TASK DETAILS:
Word for word, transcribe the data below from the line with "(forall n, (N <= n)%N -> e n = 0%N) &" to the line with "End LocalRingDefs.", keeping both of those lines.

Records excerpted from a collection:
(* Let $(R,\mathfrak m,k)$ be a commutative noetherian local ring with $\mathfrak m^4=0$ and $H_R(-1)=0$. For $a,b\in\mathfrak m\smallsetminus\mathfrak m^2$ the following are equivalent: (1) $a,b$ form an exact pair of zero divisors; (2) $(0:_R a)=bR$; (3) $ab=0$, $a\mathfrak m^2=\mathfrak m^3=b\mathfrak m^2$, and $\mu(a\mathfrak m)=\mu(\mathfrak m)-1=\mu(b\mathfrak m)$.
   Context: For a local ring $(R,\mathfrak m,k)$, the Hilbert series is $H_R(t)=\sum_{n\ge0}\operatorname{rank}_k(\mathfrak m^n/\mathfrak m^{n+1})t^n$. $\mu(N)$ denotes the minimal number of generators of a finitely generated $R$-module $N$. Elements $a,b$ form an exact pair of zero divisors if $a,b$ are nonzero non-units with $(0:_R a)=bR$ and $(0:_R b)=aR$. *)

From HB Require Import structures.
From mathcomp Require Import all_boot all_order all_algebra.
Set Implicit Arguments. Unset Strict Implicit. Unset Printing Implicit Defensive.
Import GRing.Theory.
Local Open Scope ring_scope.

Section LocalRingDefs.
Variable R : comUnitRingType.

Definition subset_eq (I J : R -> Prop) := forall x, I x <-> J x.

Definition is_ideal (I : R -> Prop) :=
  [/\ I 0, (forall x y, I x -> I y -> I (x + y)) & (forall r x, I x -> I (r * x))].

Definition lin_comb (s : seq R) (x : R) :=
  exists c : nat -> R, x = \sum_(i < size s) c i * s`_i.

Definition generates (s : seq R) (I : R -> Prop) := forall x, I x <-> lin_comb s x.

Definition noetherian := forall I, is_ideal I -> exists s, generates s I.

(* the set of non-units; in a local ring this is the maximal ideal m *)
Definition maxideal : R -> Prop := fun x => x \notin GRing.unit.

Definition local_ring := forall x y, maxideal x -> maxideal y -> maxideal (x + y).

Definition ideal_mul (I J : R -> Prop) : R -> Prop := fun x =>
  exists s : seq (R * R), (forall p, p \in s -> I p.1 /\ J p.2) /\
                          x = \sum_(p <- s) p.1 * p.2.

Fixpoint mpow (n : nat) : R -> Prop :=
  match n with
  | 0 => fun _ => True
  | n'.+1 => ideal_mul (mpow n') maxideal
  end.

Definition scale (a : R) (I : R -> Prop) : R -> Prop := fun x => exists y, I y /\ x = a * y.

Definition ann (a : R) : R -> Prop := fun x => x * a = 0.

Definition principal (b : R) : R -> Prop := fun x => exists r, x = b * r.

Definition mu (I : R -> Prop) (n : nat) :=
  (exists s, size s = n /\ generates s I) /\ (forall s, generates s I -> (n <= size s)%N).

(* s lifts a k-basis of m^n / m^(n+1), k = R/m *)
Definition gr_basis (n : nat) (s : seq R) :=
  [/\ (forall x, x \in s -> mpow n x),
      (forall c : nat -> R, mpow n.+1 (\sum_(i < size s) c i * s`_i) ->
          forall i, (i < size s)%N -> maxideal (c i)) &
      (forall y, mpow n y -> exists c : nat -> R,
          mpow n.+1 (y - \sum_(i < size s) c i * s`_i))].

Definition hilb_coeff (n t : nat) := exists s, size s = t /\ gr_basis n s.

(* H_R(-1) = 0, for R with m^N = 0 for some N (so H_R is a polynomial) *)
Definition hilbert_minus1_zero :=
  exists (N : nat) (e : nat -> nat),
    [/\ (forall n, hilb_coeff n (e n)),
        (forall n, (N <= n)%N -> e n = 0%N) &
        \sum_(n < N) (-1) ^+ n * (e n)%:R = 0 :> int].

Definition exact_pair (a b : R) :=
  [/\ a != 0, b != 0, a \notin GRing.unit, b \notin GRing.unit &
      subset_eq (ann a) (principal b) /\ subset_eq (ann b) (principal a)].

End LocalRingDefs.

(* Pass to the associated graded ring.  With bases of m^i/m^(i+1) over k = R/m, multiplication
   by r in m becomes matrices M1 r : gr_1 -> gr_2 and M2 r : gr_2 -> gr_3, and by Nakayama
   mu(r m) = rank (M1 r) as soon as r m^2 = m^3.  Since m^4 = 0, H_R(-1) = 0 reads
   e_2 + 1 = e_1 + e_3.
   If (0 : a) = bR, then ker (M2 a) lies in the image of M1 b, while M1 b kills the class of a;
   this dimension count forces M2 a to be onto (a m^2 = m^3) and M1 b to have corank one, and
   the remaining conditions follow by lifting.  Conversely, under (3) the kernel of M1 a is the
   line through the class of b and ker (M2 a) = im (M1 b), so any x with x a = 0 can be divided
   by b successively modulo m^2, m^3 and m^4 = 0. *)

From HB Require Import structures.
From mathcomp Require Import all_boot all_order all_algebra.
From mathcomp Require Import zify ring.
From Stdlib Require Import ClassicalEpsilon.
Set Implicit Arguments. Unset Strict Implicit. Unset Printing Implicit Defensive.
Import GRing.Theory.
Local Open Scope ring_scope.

RESULT FOR THIS TASK:
        (forall n, (N <= n)%N -> e n = 0%N) &
        \sum_(n < N) (-1) ^+ n * (e n)%:R = 0 :> int].

Definition exact_pair (a b : R) :=
  [/\ a != 0, b != 0, a \notin GRing.unit, b \notin GRing.unit &
      subset_eq (ann a) (principal b) /\ subset_eq (ann b) (principal a)].

End LocalRingDefs.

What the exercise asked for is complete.